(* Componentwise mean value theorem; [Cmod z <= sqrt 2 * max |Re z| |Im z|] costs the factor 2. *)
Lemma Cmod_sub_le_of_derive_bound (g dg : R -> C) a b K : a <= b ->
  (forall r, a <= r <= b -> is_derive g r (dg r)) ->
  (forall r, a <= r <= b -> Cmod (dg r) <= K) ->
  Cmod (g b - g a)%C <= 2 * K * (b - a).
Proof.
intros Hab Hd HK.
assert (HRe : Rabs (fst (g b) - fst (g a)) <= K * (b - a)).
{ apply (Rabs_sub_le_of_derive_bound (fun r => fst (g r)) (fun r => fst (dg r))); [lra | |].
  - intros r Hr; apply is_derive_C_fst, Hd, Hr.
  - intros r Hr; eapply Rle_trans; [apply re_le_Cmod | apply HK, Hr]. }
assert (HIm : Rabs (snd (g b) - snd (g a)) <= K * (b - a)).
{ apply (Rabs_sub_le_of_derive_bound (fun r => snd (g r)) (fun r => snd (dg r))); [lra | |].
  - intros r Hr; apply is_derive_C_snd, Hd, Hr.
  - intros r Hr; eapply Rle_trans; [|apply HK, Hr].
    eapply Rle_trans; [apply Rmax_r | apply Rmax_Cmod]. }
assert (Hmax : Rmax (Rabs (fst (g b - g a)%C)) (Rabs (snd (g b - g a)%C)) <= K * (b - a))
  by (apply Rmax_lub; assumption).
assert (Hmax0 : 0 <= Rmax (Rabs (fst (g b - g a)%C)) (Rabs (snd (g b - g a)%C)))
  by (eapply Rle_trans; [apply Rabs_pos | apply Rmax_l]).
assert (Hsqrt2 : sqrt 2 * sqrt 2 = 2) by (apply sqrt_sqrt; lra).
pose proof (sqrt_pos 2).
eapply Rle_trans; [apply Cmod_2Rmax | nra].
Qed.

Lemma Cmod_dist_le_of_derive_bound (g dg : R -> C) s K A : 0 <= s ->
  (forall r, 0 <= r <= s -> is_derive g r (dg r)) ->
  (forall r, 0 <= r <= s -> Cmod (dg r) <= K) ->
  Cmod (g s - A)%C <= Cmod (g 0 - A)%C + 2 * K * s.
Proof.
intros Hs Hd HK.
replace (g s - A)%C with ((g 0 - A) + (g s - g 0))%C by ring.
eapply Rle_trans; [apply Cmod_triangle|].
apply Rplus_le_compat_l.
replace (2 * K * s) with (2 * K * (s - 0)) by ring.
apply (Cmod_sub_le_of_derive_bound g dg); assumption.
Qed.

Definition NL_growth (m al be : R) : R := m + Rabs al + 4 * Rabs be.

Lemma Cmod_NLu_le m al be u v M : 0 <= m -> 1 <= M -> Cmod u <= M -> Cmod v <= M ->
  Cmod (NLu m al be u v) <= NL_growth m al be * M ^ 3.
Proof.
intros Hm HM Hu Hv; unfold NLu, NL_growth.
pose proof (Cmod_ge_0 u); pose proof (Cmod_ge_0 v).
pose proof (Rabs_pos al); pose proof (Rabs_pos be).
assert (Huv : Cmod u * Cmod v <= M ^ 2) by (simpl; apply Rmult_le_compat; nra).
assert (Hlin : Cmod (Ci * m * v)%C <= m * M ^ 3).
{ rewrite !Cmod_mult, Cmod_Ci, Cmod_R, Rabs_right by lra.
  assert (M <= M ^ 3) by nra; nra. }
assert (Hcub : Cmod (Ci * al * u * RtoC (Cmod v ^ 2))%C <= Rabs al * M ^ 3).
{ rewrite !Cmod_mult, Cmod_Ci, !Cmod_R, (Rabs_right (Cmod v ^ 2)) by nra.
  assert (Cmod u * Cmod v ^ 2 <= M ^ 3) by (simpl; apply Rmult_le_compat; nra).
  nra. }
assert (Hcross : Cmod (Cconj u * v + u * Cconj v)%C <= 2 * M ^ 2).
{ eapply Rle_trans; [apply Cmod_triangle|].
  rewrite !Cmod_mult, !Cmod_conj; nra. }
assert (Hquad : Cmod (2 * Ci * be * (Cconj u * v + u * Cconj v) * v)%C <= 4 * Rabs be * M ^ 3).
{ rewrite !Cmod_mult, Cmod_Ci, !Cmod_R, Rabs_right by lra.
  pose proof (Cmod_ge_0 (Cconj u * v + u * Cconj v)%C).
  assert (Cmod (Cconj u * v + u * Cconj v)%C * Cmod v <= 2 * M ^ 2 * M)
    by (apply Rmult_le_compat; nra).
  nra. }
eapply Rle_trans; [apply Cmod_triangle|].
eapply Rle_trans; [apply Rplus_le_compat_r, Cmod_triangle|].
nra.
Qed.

» Work required
Restate, word for word, the final stretch of the entries above: the line containing "intros Hm HM Hu Hv; unfold NLu, NL_growth." and every line after it, up to and including the last.

» Exercise answer
intros Hm HM Hu Hv; unfold NLu, NL_growth.
pose proof (Cmod_ge_0 u); pose proof (Cmod_ge_0 v).
pose proof (Rabs_pos al); pose proof (Rabs_pos be).
assert (Huv : Cmod u * Cmod v <= M ^ 2) by (simpl; apply Rmult_le_compat; nra).
assert (Hlin : Cmod (Ci * m * v)%C <= m * M ^ 3).
{ rewrite !Cmod_mult, Cmod_Ci, Cmod_R, Rabs_right by lra.
  assert (M <= M ^ 3) by nra; nra. }
assert (Hcub : Cmod (Ci * al * u * RtoC (Cmod v ^ 2))%C <= Rabs al * M ^ 3).
{ rewrite !Cmod_mult, Cmod_Ci, !Cmod_R, (Rabs_right (Cmod v ^ 2)) by nra.
  assert (Cmod u * Cmod v ^ 2 <= M ^ 3) by (simpl; apply Rmult_le_compat; nra).
  nra. }
assert (Hcross : Cmod (Cconj u * v + u * Cconj v)%C <= 2 * M ^ 2).
{ eapply Rle_trans; [apply Cmod_triangle|].
  rewrite !Cmod_mult, !Cmod_conj; nra. }
assert (Hquad : Cmod (2 * Ci * be * (Cconj u * v + u * Cconj v) * v)%C <= 4 * Rabs be * M ^ 3).
{ rewrite !Cmod_mult, Cmod_Ci, !Cmod_R, Rabs_right by lra.
  pose proof (Cmod_ge_0 (Cconj u * v + u * Cconj v)%C).
  assert (Cmod (Cconj u * v + u * Cconj v)%C * Cmod v <= 2 * M ^ 2 * M)
    by (apply Rmult_le_compat; nra).
  nra. }
eapply Rle_trans; [apply Cmod_triangle|].
eapply Rle_trans; [apply Rplus_le_compat_r, Cmod_triangle|].
nra.
Qed.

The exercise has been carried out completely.